Introduction

Employers with more than 500 employees nationally, and employers of healthcare providers and emergency responders previously exempted from the Families First Coronavirus Response Act (FFCRA) requirements, must provide Californian employees with two weeks' supplemental paid sick leave for specified COVID-19 reasons. In addition to providing paid leave, the law requires employers to comply with urgent notice and posting requirements that are administratively burdensome. Employers subject to the new requirements should work with legal counsel to develop practical solutions for immediate compliance.

Background

On 9 September 2020 California Governor Gavin Newsom signed into law Assembly Bill 1867, the California COVID-19 Supplemental Paid Sick Leave Act, which created the new Sections 248 (food service workers) and 248.1 (covered workers) of the Labour Code and amended Section 248.5 (paid sick days) of the Labour Code. The new law aims to bridge the gap between the FFCRA, which applied only to employers with fewer than 500 employees, and Executive Order N-51-20, which provided leave only to food sector workers.

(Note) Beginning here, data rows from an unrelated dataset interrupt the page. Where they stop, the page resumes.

Lemma gvert_dist2_via_root i j a b : i != j -> a < gsz (gad i) -> b < gsz (gad j) ->
  gedge (gad i) a (groot (gad i)) -> gedge (gad j) (groot (gad j)) b ->
  dist2 adj (gvert i a) (gvert j b).
Proof.
move=> neq_ij lt_a lt_b a_r r_b.
have neq_a : a != groot (gad i) by apply: contraTneq a_r => ->; apply: gedge_irr.
have neq_b : b != groot (gad j) by apply: contraTneq r_b => <-; apply: gedge_irr.
apply/and3P; split; first exact: gvert_tag_neq.
  have [k -> _] := gvertP lt_a neq_a; have [l -> _] := gvertP lt_b neq_b.
  by apply/negP => /andP[/eqP/val_inj /= eq_ij _]; rewrite eq_ij eqxx in neq_ij.
apply/existsP; exists None; apply/andP; split.
  by rewrite -(gvert_root i) gvert_adj ?groot_lt.
by rewrite -(gvert_root j) gvert_adj ?groot_lt.
Qed.

Variables (vS : bool) (ch : nat * nat -> seq nat).

Definition chosen_set : {set V} :=
  [set x : V | if x is Some u then bump (groot (gad (tag u))) (tagged u) \in ch (gad (tag u))
               else vS].

Local Notation S := chosen_set.

Lemma gvert_chosen i y : y < gsz (gad i) -> (gvert i y \in S) = gchosen (gad i) vS (ch (gad i)) y.
Proof.
rewrite /gchosen => lt_y; have [->|neq_y] := eqVneq y (groot (gad i)).
  by rewrite gvert_root inE.
by have [j -> <-] := gvertP lt_y neq_y; rewrite inE.
Qed.

Lemma gvert_gwitness i x y : x < gsz (gad i) -> y \in gwitnesses (gad i) vS (ch (gad i)) x ->
  y < gsz (gad i) /\ gvert i y \in [set z in S | dist2 adj (gvert i x) z].
Proof.
move=> lt_x; rewrite mem_filter mem_iota => /andP[/andP[S_y d_xy] /andP[_ lt_y]].
by rewrite inE gvert_chosen // S_y gvert_dist2.
Qed.

Lemma card_gwitnesses i x : x < gsz (gad i) ->
  size (gwitnesses (gad i) vS (ch (gad i)) x) <= #|[set y in S | dist2 adj (gvert i x) y]|.
Proof.
move=> lt_x; set ws := gwitnesses _ _ _ _.
have uniq_ws : uniq (map (gvert i) ws).
  rewrite map_inj_in_uniq ?filter_uniq ?iota_uniq // => y z ws_y ws_z.
  by apply: gvert_inj; [case: (gvert_gwitness lt_x ws_y) | case: (gvert_gwitness lt_x ws_z)].
rewrite -(size_map (gvert i)); have /card_uniqP <- := uniq_ws.
apply: subset_leq_card; apply/subsetP => _ /mapP[y ws_y ->].
by case: (gvert_gwitness lt_x ws_y).
Qed.

Definition other_touches_root (i : 'I_(size L)) : bool :=
  [exists j : 'I_(size L), (j != i) && gtouches_root (gad j) (ch (gad j))].

Definition root_covered : bool :=
  [exists i : 'I_(size L), gtouches_root (gad i) (ch (gad i))] ||
  [exists i : 'I_(size L), exists j : 'I_(size L),
     [&& i != j, groot_witness (gad i) (ch (gad i)) & groot_witness (gad j) (ch (gad j))]].
Hypothesis gadget_certs : forall i, gcert (gad i) vS (ch (gad i)) (other_touches_root i).

Lemma gadget_vertex_dominated u : Some u \notin S -> disj_dominated adj S (Some u).
Proof.
rewrite -(gvert_bump u); set i := tag u; set a := bump _ _.
have lt_a : a < gsz (gad i).
  by have := ltn_ord (tagged u); rewrite /a /i /bump; case: (groot _ <= _) => /=; lia.
have neq_a : a != groot (gad i) by rewrite /a eq_sym neq_bump.
rewrite gvert_chosen // => nS_a.
move/allP: (gadget_certs i) => /(_ a); rewrite mem_iota lt_a (negbTE neq_a) => /(_ isT) /=.
rewrite /gdominated (negbTE nS_a) /= => /or3P[/hasP[y] | many | /and3P[ext a_r one]].
- rewrite mem_iota => /andP[_ lt_y] /andP[S_y a_y].
  apply/orP; left; apply/existsP; exists (gvert i y).
  by rewrite gvert_chosen // S_y gvert_adj.
- by apply/orP; right; apply: leq_trans many (card_gwitnesses lt_a).
apply/orP; right; case/existsP: ext => j /andP[neq_ji /hasP[b]].
rewrite mem_iota => /andP[_ lt_b] /andP[C_b r_b].
have neq_b : b != groot (gad j) by apply: contraTneq r_b => <-; apply: gedge_irr.
have [y ws_y] : exists y, y \in gwitnesses (gad i) vS (ch (gad i)) a.
  by case: (gwitnesses _ _ _ _) one => // y ws _; exists y; rewrite mem_head.
apply/card_gt1P; exists (gvert i y), (gvert j b); split.
- by case: (gvert_gwitness lt_a ws_y).
- by rewrite inE gvert_chosen // /gchosen (negbTE neq_b) C_b gvert_dist2_via_root // eq_sym.
- by apply: gvert_tag_neq; rewrite // eq_sym.
Qed.

Lemma root_dominated : root_covered -> disj_dominated adj S None.
Proof.
have chosen_gvert (k : 'I_(size L)) z :
    z \in ch (gad k) -> z != groot (gad k) -> z < gsz (gad k) -> gvert k z \in S.
  by move=> C_z neq_z lt_z; rewrite gvert_chosen // /gchosen (negbTE neq_z).
case/orP => [/existsP[i /hasP[y]] | /existsP[i /existsP[j /and3P[neq_ij]]]].
  rewrite mem_iota => /andP[_ lt_y] /andP[C_y r_y].
  have neq_y : y != groot (gad i) by apply: contraTneq r_y => <-; apply: gedge_irr.
  apply/orP; left; apply/existsP; exists (gvert i y).
  by rewrite chosen_gvert // -(gvert_root i) gvert_adj ?groot_lt.
have witness (k : 'I_(size L)) z : z \in iota 0 (gsz (gad k)) ->
    (z \in ch (gad k)) && gdist2 (gad k) (groot (gad k)) z ->
    [/\ z < gsz (gad k), z != groot (gad k) & gvert k z \in [set y in S | dist2 adj None y]].
  rewrite mem_iota => /andP[_ lt_z] /andP[C_z d_z]; move: (d_z) => /and3P[neq_z _ _].
  rewrite eq_sym in neq_z.
  by rewrite inE chosen_gvert // -(gvert_root k) gvert_dist2 ?groot_lt.
move=> /hasP[y iota_y /(witness _ _ iota_y) [_ _ S_y]].
move=> /hasP[b iota_b /(witness _ _ iota_b) [lt_b neq_b S_b]].
apply/orP; right; apply/card_gt1P; exists (gvert i y), (gvert j b).
by split => //; apply: gvert_tag_neq.
Qed.

Lemma chosen_set_disj_domb : vS || root_covered -> disj_domb adj S.
Proof.
move=> covered; apply/disj_dombP => -[u|]; first exact: gadget_vertex_dominated.
rewrite inE => nvS; rewrite (negbTE nvS) in covered; exact: root_dominated.
Qed.

Lemma card_gadgets_vert : #|[set: V]| = 1 + \sum_(i < size L) (gsz (gad i)).-1.
Proof.
rewrite cardsT card_option card_tagged sumnE big_map big_enum /= add1n.
by congr _.+1; apply: eq_bigr => i _; rewrite card_ord.
Qed.

Lemma card_chosen_set : #|S| <= vS + \sum_(i < size L) size (ch (gad i)).
Proof.
pose s := nseq vS None ++ flatten [seq map (gvert i) (ch (gad i)) | i <- enum 'I_(size L)].
have sub_S : S \subset s.
  apply/subsetP => -[u|]; rewrite inE mem_cat => S_x; last by rewrite S_x mem_head.
  apply/orP; right; apply/flatten_mapP; exists (tag u); first by rewrite mem_enum.
  by rewrite -(gvert_bump u) map_f.
apply: leq_trans (subset_leq_card sub_S) (leq_trans (card_size s) _).
rewrite size_cat size_nseq size_flatten /shape -map_comp sumnE big_map big_enum /=.
by rewrite leq_add2l; apply: leq_sum => i _; rewrite size_map.
Qed.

Effective immediately, employers with more than 500 employees nationally, and employers of healthcare providers and emergency responders previously exempted from FFCRA requirements, had to make California supplemental paid sick leave available to all employees by 19 September 2020.

Eligibility

To be eligible for supplemental paid sick leave, employees must have to leave their home to perform their job and be unable to work because they:

  • are subject to a federal, state or local quarantine or isolation order relating to COVID-19;
  • have been advised by a healthcare provider to self-quarantine or self-isolate due to concerns relating to COVID-19; and
  • have been prohibited from working by their employer due to health concerns relating to the potential transmission of COVID-19.

Full-time employees are entitled to two weeks' (80 hours') supplemental paid sick leave, while part-time employees may have variable entitlements depending on their past schedules and hours worked. The applicable rate of pay for supplemental paid sick leave is the highest of the employee's regular rate of pay, the state minimum wage or the local minimum wage. However, supplemental paid sick leave is capped at $511 per day and $5,110 total per employee.

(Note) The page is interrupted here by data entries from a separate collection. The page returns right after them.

(* Given the current state m, realised by positions x with max x = phi(m), the
   event {phi(Z') <= a} says that every entry of the N x N array xi satisfies
   xi_{ij} <= phi(m) + a - x_j.  Its probability therefore factorises into a
   product of N^2 tail sums of p.  Lowering a from k - 1 to k - i shrinks every
   factor, and in each row the factor of a column j with x_j = phi(m) drops from
   exactly r_1 to r_i, so P_m(phi(Z') <= k - i) <= (r_i / r_1)^N P_m(phi(Z') <= k - 1)
   for every m; integrating against the invariant nu gives the claim. *)

From Pilot Require Import Defs.
From mathcomp Require Import all_boot all_order all_algebra.
From mathcomp Require Import boolp classical_sets functions reals constructive_ereal ereal esum.
From mathcomp Require Import fsbigop cardinality zify lra.
Import Order.TTheory GRing.Theory Num.Theory.
Local Open Scope ring_scope.
Local Open Scope classical_set_scope.

Section ExtendedSums.
Context {R : realType} {T : choiceType}.
Local Open Scope ereal_scope.

Lemma esumZl (I : set T) (a : T -> \bar R) (c : R) :
  (0 <= c)%R -> (forall i, 0 <= a i) ->
  \esum_(i in I) (c%:E * a i) = c%:E * \esum_(i in I) a i.
Proof.
move=> c_ge0 a_ge0; rewrite /esum -ereal_supZl //; last first.
  by apply/set0P; exists 0, set0; [exact: fsets_set0 | rewrite fsbig_set0].
congr ereal_sup; apply/seteqP; split => x /=.
  move=> [A AI <-]; exists (\sum_(i \in A) a i); first by exists A.
  by case: AI => finA _; rewrite !fsbig_finite // ge0_sume_distrr.
move=> [_ [A AI <-] <-]; exists A => //.
by case: AI => finA _; rewrite !fsbig_finite // ge0_sume_distrr.
Qed.

Lemma ge0_subset_esum {I J : set T} {a : T -> \bar R} :
  I `<=` J -> (forall i, 0 <= a i) ->
  \esum_(i in I) a i <= \esum_(i in J) a i.
Proof.
move=> IJ a_ge0; rewrite esum_mkcond [leRHS]esum_mkcond.
apply: le_esum => i _; case: ifPn => [/set_mem/IJ Ji|_]; last by case: ifP.
by rewrite ifT // inE.
Qed.

Lemma exchange_esum (T' : choiceType) (I : set T) (J : set T')
    (a : T -> T' -> \bar R) : (forall i j, 0 <= a i j) ->
  \esum_(i in I) \esum_(j in J) a i j = \esum_(j in J) \esum_(i in I) a i j.
Proof.
move=> a_ge0; rewrite !esum_esum //.
rewrite (reindex_esum (J `*` I) _ (fun x => (x.2, x.1))) //; split => /=.
- by move=> [i j] [].
- by move=> [i1 i2] [j1 j2] _ _ [-> ->].
- by move=> [i j] [Ii Jj]; exists (j, i).
Qed.

End ExtendedSums.

Section ProductOfSums.
Context {R : realType} {T : finType} {U : choiceType} (u0 : U).
Context (A : T -> set U) (g : T -> U -> \bar R).
Hypotheses (g_ge0 : forall t u, (0 <= g t u)%E)
  (g_fin : forall t u, g t u \is a fin_num)
  (esum_fin : forall t, \esum_(u in A t) g t u \is a fin_num).
Local Open Scope ereal_scope.

(* Fixing the value [u0] outside [s] makes [funs_on s] a copy of the product
   of the [A t], [t \in s]. *)
Definition funs_on (s : seq T) : set (T -> U) :=
  [set f | forall t, (t \in s -> A t (f t)) /\ (t \notin s -> f t = u0)].

Definition upd_fun (t0 : T) (z : U * (T -> U)) : T -> U :=
  fun t => if t == t0 then z.1 else z.2 t.

Lemma set_bij_upd_fun t0 s : t0 \notin s ->
  set_bij (A t0 `*`` (fun=> funs_on s)) (funs_on (t0 :: s)) (upd_fun t0).
Proof.
move=> t0s; split.
- move=> [u f] [/= Au fs] t; rewrite /upd_fun /= inE negb_or.
  case: eqVneq => [-> //|tt0] /=; exact: fs.
- move=> [u1 f1] [u2 f2] /set_mem[/= _ f1s] /set_mem[/= _ f2s] e12.
  have := congr1 (fun f => f t0) e12; rewrite /upd_fun /= eqxx => ->.
  congr pair; apply/funext => t; case: (eqVneq t t0) => [->|tt0].
    by rewrite (f1s t0).2 // (f2s t0).2.
  by have := congr1 (fun f => f t) e12; rewrite /upd_fun /= (negPf tt0).
- move=> f fs; exists (f t0, fun t => if t == t0 then u0 else f t); last first.
    by apply/funext => t; rewrite /upd_fun /=; case: eqVneq => [->|].
  split => /=; first by apply: (fs t0).1; rewrite inE eqxx.
  move=> t; case: eqVneq => [-> | tt0]; first by split => // /(negP t0s).
  by split => ts; [apply: (fs t).1 | apply: (fs t).2]; rewrite inE (negPf tt0).
Qed.

Lemma esum_funs_on s : uniq s ->
  \esum_(f in funs_on s) \prod_(t <- s) g t (f t) =
  \prod_(t <- s) \esum_(u in A t) g t u.
Proof.
elim: s => [_ | t0 s IH /= /andP[t0s /IH {}IH]].
  have -> : funs_on [::] = [set fun=> u0].
    apply/seteqP; split => [f f0 | f -> t] /=; last by split.
    by apply/funext => t; rewrite (f0 t).2.
  by rewrite esum_set1 ?big_nil.
have prod_ge0 f : 0 <= \prod_(t <- s) g t (f t) by rewrite prode_ge0.
have prod_fin : (\prod_(t <- s) \esum_(u in A t) g t u) \is a fin_num.
  exact: prode_fin_num.
rewrite (reindex_esum _ _ _ _ (set_bij_upd_fun _ _ t0s)).
rewrite (eq_esum (b := fun z => g t0 z.1 * \prod_(t <- s) g t (z.2 t))); last first.
  move=> [u f] _; rewrite big_cons /upd_fun /= eqxx; congr (_ * _).
  by apply: eq_big_seq => t ts; case: eqVneq ts t0s => // ->->.
rewrite -(esum_esum (a := fun u f => g t0 u * \prod_(t <- s) g t (f t))); last first.
  by move=> u f _ _; rewrite mule_ge0.
have inner u : \esum_(f in funs_on s) (g t0 u * \prod_(t <- s) g t (f t)) =
    (\prod_(t <- s) \esum_(u in A t) g t u) * g t0 u.
  by rewrite -[g t0 u]fineK // esumZl ?fine_ge0 // IH muleC.
rewrite (eq_esum (fun u _ => inner u)) -(fineK prod_fin) esumZl ?fine_ge0 ?prode_ge0 //.
  by rewrite fineK // big_cons muleC.
by move=> t _; exact: esum_ge0.
Qed.

Lemma esum_prod_fun :
  \esum_(f in [set f : T -> U | forall t, A t (f t)]) \prod_t g t (f t) =
  \prod_t \esum_(u in A t) g t u.
Proof.
rewrite -esum_funs_on ?index_enum_uniq //; congr esum.
apply/seteqP; split => f /= fA t; last by apply: (fA t).1; rewrite mem_index_enum.
by split => // /negP; rewrite mem_index_enum.
Qed.

End ProductOfSums.

Lemma card_mkset (T : finType) (P : pred T) : #|[set j | P j]| = #|P|.
Proof. by apply: eq_card => j; rewrite /in_mem /= /in_set asboolb. Qed.

Lemma cntE N (x : 'I_N -> int) l : cnt N x l = #|[pred j | x j == l]|.
Proof. exact: card_mkset. Qed.

Lemma sum_card_fibers (T : finType) (T' : eqType) (f : T -> T') (s : seq T') :
  uniq s -> (\sum_(l <- s) #|[pred j | f j == l]|)%N = #|[pred j | f j \in s]|.
Proof.
move=> s_uniq; rewrite -sum1_card [RHS]big_mkcond /=.
under eq_bigr => l _ do rewrite -sum1_card big_mkcond /=.
rewrite exchange_big /=; apply: eq_bigr => j _.
rewrite inE /= -[RHS]/(nat_of_bool (f j \in s)) -(count_uniq_mem _ s_uniq).
by rewrite -sum1_count [RHS]big_mkcond /=; apply: eq_bigr => l _; rewrite inE eq_sym.
Qed.

Lemma ord_argmax {N : nat} (N_gt0 : (0 < N)%N) (f : 'I_N -> int) :
  exists j0, forall j, f j <= f j0.
Proof.
have [j0 _ j0_max] := @arg_maxP _ _ _ (Ordinal N_gt0) predT f isT.
by exists j0 => j; apply: j0_max.
Qed.

Lemma cnt_gt0 N (x : 'I_N -> int) l : (0 < cnt N x l)%N <-> exists j, x j = l.
Proof.
rewrite cntE; split=> [/card_gt0P[j] | [j <-]].
  by rewrite inE => /eqP; exists j.
by apply/card_gt0P; exists j; rewrite inE.
Qed.

Lemma phi_cnt {N : nat} {k : int} {x : 'I_N -> int} {j0 : 'I_N} :
  (forall j, x j <= k) -> (forall j, x j <= x j0) -> phi k (cnt N x) = x j0.
Proof.
move=> x_le_k x_le_j0; apply: (@xget_unique _ k) => [|y [_ /cnt_gt0[j <-] j_max]].
  by split=> [||l _ /cnt_gt0[j <-]] //; apply/cnt_gt0; exists j0.
by apply/le_anti; rewrite x_le_j0 j_max //; apply/cnt_gt0; exists j0.
Qed.

Lemma Omega_cnt N k (x : 'I_N -> int) :
  (forall j, x j <= k) -> Omega N k (cnt N x).
Proof.
move=> x_le_k; split=> [l kl | ].
  rewrite cntE; apply: eq_card0 => j; rewrite inE; apply/negP => /eqP xl.
  by have := x_le_k j; rewrite xl leNgt kl.
split=> [l | ]; first by rewrite cntE -[leqRHS]card_ord max_card.
exists (undup [seq x j | j <- index_enum 'I_N]); split; first exact: undup_uniq.
  move=> l; rewrite -lt0n => /cnt_gt0[j <-].
  by rewrite mem_undup map_f // mem_index_enum.
under eq_bigr do rewrite cntE.
rewrite sum_card_fibers ?undup_uniq // -[RHS]card_ord; apply: eq_card => j.
by rewrite !inE mem_undup map_f // mem_index_enum.
Qed.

Employees are entitled to supplemental paid sick leave under the new law in addition to any paid sick leave made available to them under an employer's existing non-COVID-19-related paid sick leave policies. Further, employers cannot require that employees exhaust other available types of leave prior to using their California supplemental paid sick leave entitlement. However, if an employer has already established some type of COVID-19 supplemental leave, it can be credited towards such leave established by the California COVID-19 Supplemental Paid Sick Leave Act.

Notice and posting requirements

The law contains immediate notice and posting requirements, which include a poster that had to be made available to employees by 19 September 2020, as well as mandatory printing of the amount of available California COVID-19 supplemental paid sick leave balances on employees' wage statements by the next pay period following 9 September 2020. The California labour commissioner has provided a model poster for employers' use (available here).

Violations

The act expressly authorises the labour commissioner to enforce its requirements, including investigating violations and ordering temporary relief to mitigate violations. If COVID-19 supplemental paid sick leave is unlawfully withheld, employers may be subject to an administrative penalty of at least $250 per day – a penalty not to exceed $4,000 in the aggregate. The state labour commissioner or attorney general may also bring civil action to collect other legal or equitable relief, including:

  • reinstatement;
  • back pay;
  • the payment of sick days unlawfully withheld; and
  • liquidated damages.

While there is no private right of action under the new law, employees may also be able to assert Private Attorney General Act claims for violations of the new law.